Tuesday, January 25, 2011

Prices Essentially Even During 2010

Buttressed by low, low rates and a stabilizing economy, prices in Piedmont dropped only about 2% over the course of 2010, based on both average prices and price per square foot. The average price of a Piedmont home sold in 2010 was $1.401 million, down from 1.432 million in 2009, according to the MLS. The typical price per square foot was $513, down from $522.

A range of other measures supported the positive outlook: Total sales increased to 99 (from 76), typical days on market declined to 29 days (from 44), the number of distressed sales (bank-owned and short sales) remained very low at under a half dozen in each year.

Fifty-five homes were pulled from the market for various reasons, similar to the number from 2009, though lower on percentage basis given higher overall sales this year.

Given that homes sold in the fourth quarter typically went into contract during the unsettled period in August and September, it's comforting that the quarter's figures were quite strong in the end: 25 total sales (compared to only 19 in 4Q09) averaging $1.413 M (compared to $1.216 M in 4Q09).

Prices during the year ranged between $479,000 and $5.15 million, and within the quarter ranged between $479,000 and $3.4 million, suggesting good activity all along the price spectrum. The typical home sold for 4% less than its original asking price. (See detailed info at the bottom of this post.)

Oakland sales totaled just over 3200, a drop from last year's torrid 3700 pace, while total sales in Oakland 94610 and 94611 (roughly Montclair and Crocker Highlands) increased from 307 last year to a total of 445 this year. The average price across the city increased from $296K to $350K, an increase of 18%. Don't forget that this average is affected by the proportion of lower-priced homes in distressed circumstances that were on the market last year (and remain to a large degree this year). In fact the median (half of properties sold for figures above the price and half below) is only $194,000, suggesting a huge presence of low-priced sales in Oakland.

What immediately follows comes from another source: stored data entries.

(* Let $D$ be the dihedral group of order 8, let $\lambda_1,\lambda_2:D\to\mathbb Z/2\mathbb Z$ be homomorphisms each with kernel isomorphic to $\mathbb Z/2\times\mathbb Z/2$, and let $D\curlywedge D=\{(u,v)\in D\times D:\lambda_1(u)=\lambda_2(v)\}$. Then $D\curlywedge D$ contains a unique abelian subgroup of order 16; this subgroup equals $\ker(\lambda_1)\times\ker(\lambda_2)$ and is isomorphic to $(\mathbb Z/2\mathbb Z)^4$. *)

From HB Require Import structures.
From mathcomp Require Import all_boot all_order all_algebra all_fingroup all_solvable.
Set Implicit Arguments. Unset Strict Implicit. Unset Printing Implicit Defensive.

Local Open Scope group_scope.

Definition fibprod (gT1 gT2 rT : finGroupType) (f1 : gT1 -> rT) (f2 : gT2 -> rT)
  (A : {set gT1}) (B : {set gT2}) : {set gT1 * gT2} :=
  [set uv | [&& uv.1 \in A, uv.2 \in B & f1 uv.1 == f2 uv.2]].

From HB Require Import structures.
From mathcomp Require Import all_boot all_order all_algebra all_fingroup all_solvable.

(* Let K_i = ker lam_i. Every (x, y) in D ⋏ D with x in K_1 already lies in
   K_1 x K_2, so an abelian H in D ⋏ D meets K_1 x K_2 in index at most 2.
   If H contained some (u, v) outside K_1 x K_2, this intersection would
   centralise (u, v), hence lie in (K_1 ∩ C(u)) x (K_2 ∩ C(v)); but an abelian
   maximal subgroup K of D and u outside K satisfy K ∩ C(u) ⊆ Z(D), which has
   order 2. So |H| <= 2 * 2 * 2 = 8. Hence an abelian H of order 16 is
   K_1 x K_2, an elementary abelian 2-group of order 16. *)

Set Implicit Arguments.
Unset Strict Implicit.
Unset Printing Implicit Defensive.

Local Open Scope group_scope.

Section GroupFacts.

Variable gT : finGroupType.
Implicit Types G H K M : {group gT}.

Lemma card_mul_leq_cardI G H M :
  H \subset G -> M \subset G -> #|H| * #|M| <= #|G| * #|H :&: M|.
Proof.
by move=> sHG sMG; rewrite mul_cardG leq_mul2r subset_leq_card ?orbT ?mul_subG.
Qed.

Lemma abelian_maximal_cent1_sub_center G K u :
  maximal K G -> abelian K -> u \in G :\: K -> K :&: 'C[u] \subset 'Z(G).
Proof.
move=> maxK cKK /setDP[Gu notKu].
have sKG := proper_sub (maxgroupp maxK).
have defG : K <*> <[u]> = G.
  apply/eqP; apply: contraR notKu => neKuG.
  have ltKuG : K <*> <[u]> \proper G.
    by rewrite properEneq neKuG join_subG sKG cycle_subG.
  case/maxgroupP: maxK => _ /(_ _ ltKuG (joing_subl _ _)) <-.
  exact: subsetP (joing_subr K <[u]>) u (cycle_id u).
by rewrite subsetI (subset_trans (subsetIl _ _)) // -defG centY cent_cycle setSI.
Qed.

End GroupFacts.

Section DirectProduct.

Variables gT1 gT2 : finGroupType.

Lemma cent1X (u : gT1) (v : gT2) : 'C[(u, v)] = setX 'C[u] 'C[v].
Proof. by apply/setP => -[a b]; rewrite in_setX !cent1E /= xpair_eqE. Qed.

Lemma setX_abelem p (H1 : {group gT1}) (H2 : {group gT2}) :
  p.-abelem (setX H1 H2) = p.-abelem H1 && p.-abelem H2.
Proof.
rewrite (dprod_abelem p (setX_dprod H1 H2)).
by rewrite -(isog_abelem (isog_setX1 gT2 H1)) -(isog_abelem (isog_set1X gT1 H2)).
Qed.

Lemma setXT : setX [set: gT1] [set: gT2] = [set: gT1 * gT2].
Proof. by apply/setP => -[a b]; rewrite !inE. Qed.

Lemma setT_prod_abelem p :
  p.-abelem [set: gT1 * gT2] = p.-abelem [set: gT1] && p.-abelem [set: gT2].
Proof. by rewrite -setXT setX_abelem. Qed.

End DirectProduct.

Section FibreProduct.

Variables (gT1 gT2 rT : finGroupType) (G1 : {group gT1}) (G2 : {group gT2}).
Variables (f1 : {morphism G1 >-> rT}) (f2 : {morphism G2 >-> rT}).

Let P := fibprod f1 f2 G1 G2.
Let K := setX ('ker f1) ('ker f2).

Let in_ker (aT : finGroupType) (D : {group aT}) (f : {morphism D >-> rT}) x :
  x \in D -> (x \in 'ker f) = (f x == 1).
Proof. by move=> Dx; apply/kerP/eqP. Qed.

Lemma setX_ker_sub_fibprod : K \subset P.
Proof.
apply/subsetP => -[a b] /setXP[ka kb]; have Da := dom_ker ka; have Db := dom_ker kb.
by rewrite /P /fibprod inE /= Da Db (mker ka) (mker kb) eqxx.
Qed.

Lemma fibprod_mem_kerXl x : x \in P -> (x \in K) = (x.1 \in 'ker f1).
Proof.
case: x => a b; rewrite /P /fibprod inE /= => /and3P[Da Db /eqP fab].
by rewrite in_setX !in_ker // fab andbb.
Qed.

Lemma fibprod_mem_kerXr x : x \in P -> (x \in K) = (x.2 \in 'ker f2).
Proof.
case: x => a b; rewrite /P /fibprod inE /= => /and3P[Da Db /eqP fab].
by rewrite in_setX !in_ker // fab andbb.
Qed.

Lemma card_sub_fibprod_kerX (H : {group gT1 * gT2}) :
  H \subset P -> #|H| * #|'ker f1| <= #|G1| * #|H :&: K|.
Proof.
move=> sHP; have sHG : H \subset setX G1 G2.
  by apply: subset_trans sHP _; apply/subsetP => x; rewrite !inE => /and3P[-> ->].
have sKG : setX ('ker f1) G2 \subset setX G1 G2.
  by rewrite setXS //; apply/subsetP/dom_ker.
have := card_mul_leq_cardI sHG sKG.
have -> : H :&: setX ('ker f1) G2 = H :&: K.
  apply/setP => -[a b]; rewrite !in_setI; apply: andb_id2l => Hab.
  rewrite fibprod_mem_kerXl ?(subsetP sHP) // in_setX /=.
  by have /setXP[_ ->] := subsetP sHG _ Hab; rewrite andbT.
by rewrite !cardsX mulnA [X in (_ <= X)%N]mulnAC leq_pmul2r ?cardG_gt0.
Qed.

Lemma abelian_kerX_subcent1 (H : {group gT1 * gT2}) u v :
  abelian H -> (u, v) \in H ->
  H :&: K \subset setX ('ker f1 :&: 'C[u]) ('ker f2 :&: 'C[v]).
Proof.
move=> cHH Huv; apply/subsetP => -[a b] /setIP[Hab].
rewrite /K !in_setX !in_setI => /andP[-> ->] /=.
have : (a, b) \in 'C[(u, v)] by apply/cent1P; apply: (centsP cHH).
by rewrite cent1X => /setXP[-> ->].
Qed.

End FibreProduct.

Lemma card_D8 : #|'D_8| = 8.
Proof. exact: (card_dihedral (isT : 1 < 4)). Qed.

Lemma card_center_D8 : #|'Z('D_8)| = 2.
Proof.
have isoD : 'D_8 \isog 'D_(2 ^ 3) by exact: isog_refl.
have [[x y] genD _] := generators_2dihedral (isT : 1 < 3) isoD.
by case: (dihedral2_structure (isT : 1 < 3) genD isoD) => _ _ _ _ [].
Qed.

Lemma card_order4_cent1_D8 (K : {group gsort 'D_8}) u :
  #|K| = 4 -> u \notin K -> #|K :&: 'C[u]| <= 2.
Proof.
move=> oK notKu.
have cKK : abelian K by apply: (card_p2group_abelian (p := 2)); rewrite ?oK.
have maxK : maximal K 'D_8.
  by apply: p_index_maximal; rewrite ?subsetT // -divgS ?subsetT // card_D8 oK.
apply: leq_trans (subset_leq_card _) (eq_leq card_center_D8).
by apply: abelian_maximal_cent1_sub_center => //; apply/setDP; rewrite inE.
Qed.

Section FibreProductD8.

Variables lam1 lam2 : {morphism 'D_8 >-> 'Z_2}.
Hypotheses (oK1 : #|'ker lam1| = 4) (oK2 : #|'ker lam2| = 4).

Let DD := fibprod lam1 lam2 'D_8 'D_8.

Lemma abelian_fibprod_D8_sub_kerX (H : {group gsort 'D_8 * gsort 'D_8}) :
  H \subset DD -> abelian H -> 8 < #|H| -> H \subset setX ('ker lam1) ('ker lam2).
Proof.
move=> sHD cHH ltH8; apply/subsetP => -[u v] Huv; apply: contraT => notKuv.
have Puv := subsetP sHD _ Huv.
have notKu : u \notin 'ker lam1 by rewrite -(fibprod_mem_kerXl Puv).
have notKv : v \notin 'ker lam2 by rewrite -(fibprod_mem_kerXr Puv).
have le4 : #|H :&: setX ('ker lam1) ('ker lam2)| <= 4.
  apply: leq_trans (subset_leq_card (abelian_kerX_subcent1 lam1 lam2 cHH Huv)) _.
  rewrite cardsX; exact: leq_mul (card_order4_cent1_D8 oK1 notKu)
                                 (card_order4_cent1_D8 oK2 notKv).
have := card_sub_fibprod_kerX sHD; rewrite oK1 card_D8 => leH.
have := leq_trans leH (leq_mul (leqnn 8) le4).
by rewrite leq_pmul2r // leqNgt ltH8.
Qed.

End FibreProductD8.

Lemma abelem_Z2 : 2.-abelem [set: 'Z_2].
Proof. by apply: prime_abelem; rewrite ?cardsT ?card_ord. Qed.

Theorem proposition4p2
  (lam1 lam2 : {morphism [set: gsort 'D_8] >-> 'Z_2})
  (hk1 : 'ker lam1 \isog [set: 'Z_2 * 'Z_2])
  (hk2 : 'ker lam2 \isog [set: 'Z_2 * 'Z_2]) :
  let DD := fibprod lam1 lam2 [set: gsort 'D_8] [set: gsort 'D_8] in
  (exists! H : {group gsort 'D_8 * gsort 'D_8},
      [&& H \subset DD, abelian H & #|H| == 16]) /\
  (forall H : {group gsort 'D_8 * gsort 'D_8},
      H \subset DD -> abelian H -> #|H| = 16 ->
      H :=: setX ('ker lam1) ('ker lam2) /\
      H \isog [set: 'Z_2 * 'Z_2 * 'Z_2 * 'Z_2]).
Proof.
move=> DD; set K := setX_group ('ker lam1) ('ker lam2).
have oK1 : #|'ker lam1| = 4 by rewrite (card_isog hk1) cardsT !card_prod card_ord.
have oK2 : #|'ker lam2| = 4 by rewrite (card_isog hk2) cardsT !card_prod card_ord.
have abelK : 2.-abelem K.
  by rewrite setX_abelem (isog_abelem hk1) (isog_abelem hk2) setT_prod_abelem abelem_Z2.
have oK : #|K| = 16 by rewrite cardsX oK1 oK2.
have eqK (H : {group _}) : H \subset DD -> abelian H -> #|H| = 16 -> H :=: K.
  move=> sHD cHH oH; apply/eqP; rewrite eqEcard oH oK leqnn andbT.
  by apply: abelian_fibprod_D8_sub_kerX; rewrite ?oH.
split.
  exists K; split; first by rewrite (abelem_abelian abelK) oK setX_ker_sub_fibprod.
  by move=> H /and3P[sHD cHH /eqP oH]; exact/val_inj/esym/eqK.
move=> H sHD cHH oH; have eqKH := eqK H sHD cHH oH; split => //.
rewrite eqKH (isog_abelem_card _ abelK) !setT_prod_abelem abelem_Z2.
by rewrite cardsT !card_prod card_ord oK.
Qed.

Berkeley's sales figures also increased, from 424 to a total of 528 sales in 2010. The average price increased about 5% compared to 2009 (from $667.5K to $712.4K), though the median is much closer to the average than is the case in Oakland. The typical days on market in both Oakland and Berkeley was about 35 days.

Communities typically considered our competitors--Lamorinda and Mill Valley--fared well. Lamorinda sales were up 20%, and prices inched up from $957K to $961K on average. The typical home sold in 55 days, a tad fewer than in 2009. And Mill Valley saw a 4.6% rise in prices in 2010 compared to 2009, though the median price declined gradually during the course of 2010. The total number of sales was up about 10%, and the typical home took about three months to sell.

(See this link for more on the pattern of defaults and foreclosures in Piedmont--while I'm sure more of us are having a tough time making payments and may be underwater on our mortgages, Foreclosure Radar reports only three foreclosures in town through November, 2010. One of these was represented on the MLS.)

The Region

The New York Times interactive graphic examining home price trends (through September) across 20 MSAs can be found here. The San Francisco MSA is the ''strongest market in the country,'' they say. S&P just released the October data--it shows the San Francisco MSA's index is up 38% since 2000, down 1.3% (seasonally adjusted) in October compared to September, and up 2.2% over the course of the year.

The State

The Ca. Assoc. of Realtors, meanwhile, has data through November: Total sales (#) across the state were up nearly 10% in November compared to October, though down about 9% from November 2009 to 2010. Median prices were down about 2.5% across the state during the same window.

The proportion of REO sales was down through the year, while short sales (meaning direct negotiations among the seller, his/her lender(s) and a buyer) were up--perhaps lenders are realizing they will do much better to take a market-based offer from a straightforward seller and buyer than to incur all the costs and risks associated with a foreclosure, empty house, and bottom-feeding distressed sale specialists. The proportion of ''discretionary sales,'' the new moniker for non-distressed sales, was up from 38% of total sales to 47% through late July, '10.

The scale of unsold inventory has been stable and consistent with trends over the last few decades--6 to 7 months. Interest rates were about a half point lower in November compared to the previous November (but have now increased about that much through the end of the year).